Korean War memorial plans rejuvenated

Call it the “Forgotten Memorial.”

In 1990, a Kansas University committee began a campaign to erect a memorial for about 60 students, faculty and alumni who were killed in the Korean War, often called the “Forgotten War.”

But fund raising never got off the ground, and the memorial never was built.

Now, KU officials are starting a new drive to build the memorial.

“We’re a little more serious about it now,” said Jeff Weinberg, special assistant to the chancellor.

A portion of the money raised from program sales at football games this season will go toward the memorial. Weinberg said a minimum of $60,000 must be raised for the project.

Greg Wade, a KU landscape architect who served on the project in the early 1990s, said a committee met for about a year to plan the memorial. The committee even had a student competition to determine a design.
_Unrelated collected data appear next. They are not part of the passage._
(* Let $(\mathcal M,\mathrm d_{\mathcal M})$ be a metric space with finite doubling constant $\lambda$ and doubling dimension $d_{\mathcal M}=\log_2\lambda$. There is a constant $c>0$ depending only on $\lambda$ such that the following holds. Let $\alpha\ge2$, $\epsilon\in(0,1)$, $k,m\ge 1$, $X\in\mathcal M^m$, let $X_k\in\mathcal M^k$ be an $\alpha$-approximate $k$-simplification of $X$, and write $D=\mathrm d_{dF}(X,X_k)$. Then there is a finite set $\mathcal C\subset\mathcal M^k$ with $|\mathcal C|\le\big(c\,k\,\log_2(\alpha/\epsilon)(\alpha/\epsilon)^{d_{\mathcal M}}\big)^k$ such that the following holds for every $q\in\mathcal M^k$. Define $X^*=X_k$ if $\mathrm d_{dF}(q,X_k)\le\frac{\epsilon}{2\alpha}D$ or $\mathrm d_{dF}(q,X_k)\ge\frac{2(\alpha+1)}{\epsilon}D$, and otherwise let $X^*$ be any element of $\mathcal C$ minimizing $\mathrm d_{dF}(q,\cdot)$ over $\mathcal C$. Then $\Delta:=\mathrm d_{dF}(q,X^* )+\mathrm d_{dF}(X^*,X)$ satisfies \[ \mathrm d_{dF}(q,X)\le\Delta\le(1+\epsilon)\,\mathrm d_{dF}(q,X). \]
   Context: A curve of complexity $m$ in a metric space $(\mathcal M,\mathrm d_{\mathcal M})$ is a sequence $p=p_1,\dots,p_m$ of points of $\mathcal M$; $\mathcal M^m$ denotes the set of such curves. For $p\in\mathcal M^m$ and $q\in\mathcal M^k$, a traversal of $p$ and $q$ is a sequence of index pairs $(i_1,j_1),\dots,(i_t,j_t)$ with $(i_1,j_1)=(1,1)$, $(i_t,j_t)=(m,k)$, and for every $u<t$: $i_{u+1}-i_u\in\{0,1\}$, $j_{u+1}-j_u\in\{0,1\}$ and $(i_{u+1}-i_u)+(j_{u+1}-j_u)\ge 1$. Its cost is $\max_u \mathrm d_{\mathcal M}(p_{i_u},q_{j_u})$. The discrete Fréchet distance $\mathrm d_{dF}(p,q)$ is the minimum cost over all traversals of $p$ and $q$. For $p\in\mathcal M^m$ and $\alpha\ge 1$, a curve $p'\in\mathcal M^k$ is an $\alpha$-approximate $k$-simplification of $p$ if $\mathrm d_{dF}(p,p')\le\alpha\,\mathrm d_{dF}(p,q)$ for every $q\in\mathcal M^k$. The doubling constant $\lambda$ of $\mathcal M$ is the smallest integer such that every closed ball of radius $r>0$ can be covered by at most $\lambda$ closed balls of radius $r/2$ centered at points of $\mathcal M$. *)

From Stdlib Require Import Reals Lra List ClassicalEpsilon.
Import ListNotations.
Open Scope R_scope.

Definition is_metric {M : Type} (d : M -> M -> R) : Prop :=
  (forall x y, 0 <= d x y) /\
  (forall x y, d x y = 0 <-> x = y) /\
  (forall x y, d x y = d y x) /\
  (forall x y z, d x z <= d x y + d y z).

Definition doubling_cover {M : Type} (d : M -> M -> R) (n : nat) : Prop :=
  forall (x : M) (r : R), 0 < r ->
    exists centers : list M, (length centers <= n)%nat /\
      forall y, d x y <= r -> exists c, In c centers /\ d c y <= r / 2.

Definition doubling_constant {M : Type} (d : M -> M -> R) (lam : nat) : Prop :=
  doubling_cover d lam /\ forall n, doubling_cover d n -> (lam <= n)%nat.

Definition log2 (x : R) : R := ln x / ln 2.

(** Curves are lists of points; a curve of complexity m has length m.
    Indices are 0-based: p_1..p_m of the paper are positions 0..m-1. *)

Definition valid_step (a b : nat * nat) : Prop :=
  let '(i, j) := a in let '(i', j') := b in
  (i' = i \/ i' = S i) /\ (j' = j \/ j' = S j) /\ (i' + j' >= S (i + j))%nat.

Fixpoint steps_ok (t : list (nat * nat)) : Prop :=
  match t with
  | a :: ((b :: _) as t') => valid_step a b /\ steps_ok t'
  | _ => True
  end.

Definition traversal {M : Type} (p q : list M) (t : list (nat * nat)) : Prop :=
  hd_error t = Some (0%nat, 0%nat) /\
  last t (0%nat, 0%nat) = (pred (length p), pred (length q)) /\
  t <> [] /\ steps_ok t.

Definition pair_dist {M : Type} (d : M -> M -> R) (p q : list M) (ij : nat * nat) : R :=
  match nth_error p (fst ij), nth_error q (snd ij) with
  | Some a, Some b => d a b
  | _, _ => 0
  end.

Definition trav_cost {M : Type} (d : M -> M -> R) (p q : list M) (t : list (nat * nat)) : R :=
  fold_right Rmax 0 (map (pair_dist d p q) t).

Definition is_dF {M : Type} (d : M -> M -> R) (p q : list M) (r : R) : Prop :=
  (exists t, traversal p q t /\ trav_cost d p q t = r) /\
  (forall t, traversal p q t -> r <= trav_cost d p q t).

(** Discrete Fréchet distance: the minimum cost over all traversals
    (chosen via classical epsilon; it exists for nonempty curves). *)
Definition dF {M : Type} (d : M -> M -> R) (p q : list M) : R :=
  epsilon (inhabits 0) (is_dF d p q).

Definition approx_simplification {M : Type} (d : M -> M -> R)
    (alpha : R) (k : nat) (p p' : list M) : Prop :=
  length p' = k /\
  forall q : list M, length q = k -> dF d p p' <= alpha * dF d p q.

From Stdlib Require Import Reals Lra Lia List ClassicalEpsilon Classical.
Import ListNotations.
Open Scope R_scope.

(* Write D = d_dF(X, X_k), t = d_dF(q, X_k) and x = d_dF(q, X). The triangle inequality
   and the approximation property D <= alpha x give t <= (alpha + 1) x, and settle the
   two outer regimes directly with X* = X_k. In the inner regime t lies in one of
   O(log (alpha / eps)) dyadic scales r above eps D / (2 alpha); around each vertex of
   X_k and at each such scale, doubling yields a net of mesh r / 2^n, 2^n ~ alpha / eps,
   with lam^n points. Snapping every vertex of q into the net gives a curve Y over the
   net with 3 alpha d_dF(q, Y) <= eps t <= eps (alpha + 1) x, so the nearest curve X*
   among all k-vertex curves over the net adds at most eps x to x. *)

Lemma neq_nil_of_length {A} (l : list A) n : length l = n -> (1 <= n)%nat -> l <> [].
Proof. intros <- Hn ->; simpl in Hn; lia. Qed.

Lemma skipn_nth_error {A} (l : list A) i a :
  nth_error l i = Some a -> skipn i l = a :: skipn (S i) l.
Proof.
  revert i; induction l as [|x l IH]; intros [|i] H; simpl in *; try discriminate; auto.
  now injection H as ->.
Qed.

Lemma skipn_eq_cons {A} (l l' : list A) i a :
  skipn i l = a :: l' -> nth_error l i = Some a /\ skipn (S i) l = l'.
Proof.
  revert i; induction l as [|x l IH]; intros [|i] H; simpl in *; try discriminate; auto.
  now injection H as -> ->.
Qed.

Lemma last_cons_default {A} (z : A) t x y : last (z :: t) x = last (z :: t) y.
Proof. revert z; induction t as [|w t IH]; intros z; [reflexivity|apply IH]. Qed.

Lemma steps_ok_le_last t z : steps_ok (z :: t) ->
  (fst z <= fst (last (z :: t) z) /\ snd z <= snd (last (z :: t) z))%nat.
Proof.
  revert z; induction t as [|w t IH]; intros z Hs; [simpl; lia|].
  destruct Hs as [Hzw Hs]; specialize (IH w Hs).
  change (last (z :: w :: t) z) with (last (w :: t) z); rewrite (last_cons_default w t z w).
  destruct z, w; simpl in *; lia.
Qed.

Lemma exists_min_in_list (P : R -> Prop) (L : list R) : (exists v, In v L /\ P v) ->
  exists v, In v L /\ P v /\ forall w, In w L -> P w -> v <= w.
Proof.
  induction L as [|x L IH]; [intros [v [[] _]]|intros Hex].
  destruct (classic (exists v, In v L /\ P v)) as [HL|HL].
  - destruct (IH HL) as [u [Hu [HPu Hmin]]].
    destruct (classic (P x /\ x < u)) as [[HPx Hxu]|Hx].
    + exists x; split; [now left|split; [exact HPx|]].
      intros w [<-|Hw] HPw; [lra|specialize (Hmin w Hw HPw); lra].
    + exists u; split; [now right|split; [exact HPu|]].
      intros w [<-|Hw] HPw; [|now apply Hmin].
      apply Rnot_lt_le; intros Hwu; now apply Hx.
  - destruct Hex as [v [[<-|Hv] HPv]]; [|exfalso; eauto].
    exists x; split; [now left|split; [exact HPv|]].
    intros w [<-|Hw] HPw; [lra|exfalso; eauto].
Qed.

Section Frechet.
Context {M : Type} (d : M -> M -> R).
Hypothesis d_nonneg : forall x y, 0 <= d x y.
Hypothesis d_sym : forall x y, d x y = d y x.
Hypothesis d_triangle : forall x y z, d x z <= d x y + d y z.

(* Inductive reading of "some traversal of p and q has cost at most e":
   each constructor is the first step of such a traversal. *)
Inductive frechet_le (e : R) : list M -> list M -> Prop :=
| fle_single a b : d a b <= e -> frechet_le e [a] [b]
| fle_left a b p q : d a b <= e -> frechet_le e p (b :: q) -> frechet_le e (a :: p) (b :: q)
| fle_right a b p q : d a b <= e -> frechet_le e (a :: p) q -> frechet_le e (a :: p) (b :: q)
| fle_both a b p q : d a b <= e -> frechet_le e p q -> frechet_le e (a :: p) (b :: q).
(** A sequence space X ⊆ w together with a countable family of seminorms
    (sn k)_k defining its (metrizable, locally convex) topology. *)
Record SeqSpace := {
  mem : seqC -> Prop;
  sn  : nat -> seqC -> R
}.

Definition sn_upto (X : SeqSpace) (k : nat) (x : seqC) : R :=
  sum_f_R0 (fun i => sn X i x) k.

(** X is an FK-space: a linear subspace of w, the sn k are seminorms on X,
    the induced topology is complete, and coordinate functionals are
    continuous (which also makes the topology Hausdorff, hence metrizable). *)
Definition is_FK (X : SeqSpace) : Prop :=
  mem X seq0 /\
  (forall x y, mem X x -> mem X y -> mem X (seq_add x y)) /\
  (forall a x, mem X x -> mem X (seq_scal a x)) /\
  (forall k x, mem X x -> 0 <= sn X k x) /\
  (forall k x y, mem X x -> mem X y ->
      sn X k (seq_add x y) <= sn X k x + sn X k y) /\
  (forall k a x, mem X x -> sn X k (seq_scal a x) = Cmod a * sn X k x) /\
  (forall j, exists k M, forall x, mem X x -> Cmod (x j) <= M * sn_upto X k x) /\
  (forall u : nat -> seqC, (forall m, mem X (u m)) ->
     (forall k eps, 0 < eps -> exists N, forall m m', (N <= m)%nat -> (N <= m')%nat ->
          sn X k (seq_sub (u m) (u m')) < eps) ->
     exists x, mem X x /\ forall k, is_lim_seq (fun m => sn X k (seq_sub (u m) x)) 0).

(** f belongs to the continuous dual X' (f is only relevant on X). *)
Definition dual (X : SeqSpace) (f : seqC -> C) : Prop :=
  (forall x y, mem X x -> mem X y -> f (seq_add x y) = Cplus (f x) (f y)) /\
  (forall a x, mem X x -> f (seq_scal a x) = Cmult a (f x)) /\
  (exists k M, forall x, mem X x -> Cmod (f x) <= M * sn_upto X k x).

(** Y = ⋂_n X^n with the seminorms (s_{nk})_{n,k}, enumerated by Cantor's
    bijection nat -> nat * nat. *)
Definition Yint (X : nat -> SeqSpace) : SeqSpace := {|
  mem := fun x => forall n, mem (X n) x;
  sn := fun m x => sn (X (fst (Cantor.of_nat m))) (snd (Cantor.of_nat m)) x
|}.

Definition trunc (k : nat) (x : seqC) : seqC :=
  fun j => if Nat.ltb j k then x j else RtoC 0.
But the committee’s preferred site along Memorial Drive between the Campanile and the Spencer Research Library was vetoed by the KU administration. He said that and turnover on the committee led to the project’s demise.

‘Lost momentum’

“Unfortunately there never was a plan to put together to be taken to the administration,” Wade said. “It lost momentum.”

Only about $3,800 was raised for the project.

The resurrected effort involves the same site the committee picked before. This time, a campuswide landscaping plan is under way that includes major changes along Memorial Drive, including moving parking on the south side of the road and adding a walkway and plaza areas along the north.

Warren Corman, university architect, said a memorial on the north side of the road probably would involve benches and a plaque. But he said no final decisions had been made.

“We were thinking that would be a real nice place for a Korean War memorial,” he said. “It seemed like a natural. It would be more of a nice sitting area.”

Memorials on campus include the Kansas Union and Memorial Stadium, which is a memorial for World War I victims; the Campanile, which memorializes World War II victims; and the Vietnam War Memorial, which is along Memorial Drive.

“It would complete Memorial Drive,” Weinberg said. “It’s incomplete now and will continue to be until the Korean War memorial is in place.”

He said no time frame had been set for the project’s completion. That, he said, would depend on fund raising. The KU Endowment Association also has established a fund for the memorial.

‘It’s due’

Between 1950 and 1953, about 25,000 American soldiers were killed and more than 100,000 were injured in Korea. Two million Koreans were killed.

Despite that, Korean War veterans often have been overlooked. They didn’t have a memorial in Washington, D.C., until 1995.

Mel Lisher, a Lawrence resident who served in the Army in Korea, said he didn’t understand why Korean veterans haven’t got as much recognition as their counterparts in other wars.

“It’s the forgotten war,” he said. “I don’t know why. They’d kill you just as dead in that one as any other one.”

He said it’s time for KU to recognize its veterans and those killed in Korea.

“I think it’s due,” he said. “I really do.”

Vern Russell, who commands a local VFW post, said KU should act quickly on the memorial before more Korean veterans die.

“I think the Korean veterans need their own symbol, so they feel like they’re not forgotten anymore,” he said. “At the post, it seems like we’re losing one a week or one every two weeks from World War II and Korea. They do need something like that up there on the KU campus before they’re all gone, so they can all enjoy it.”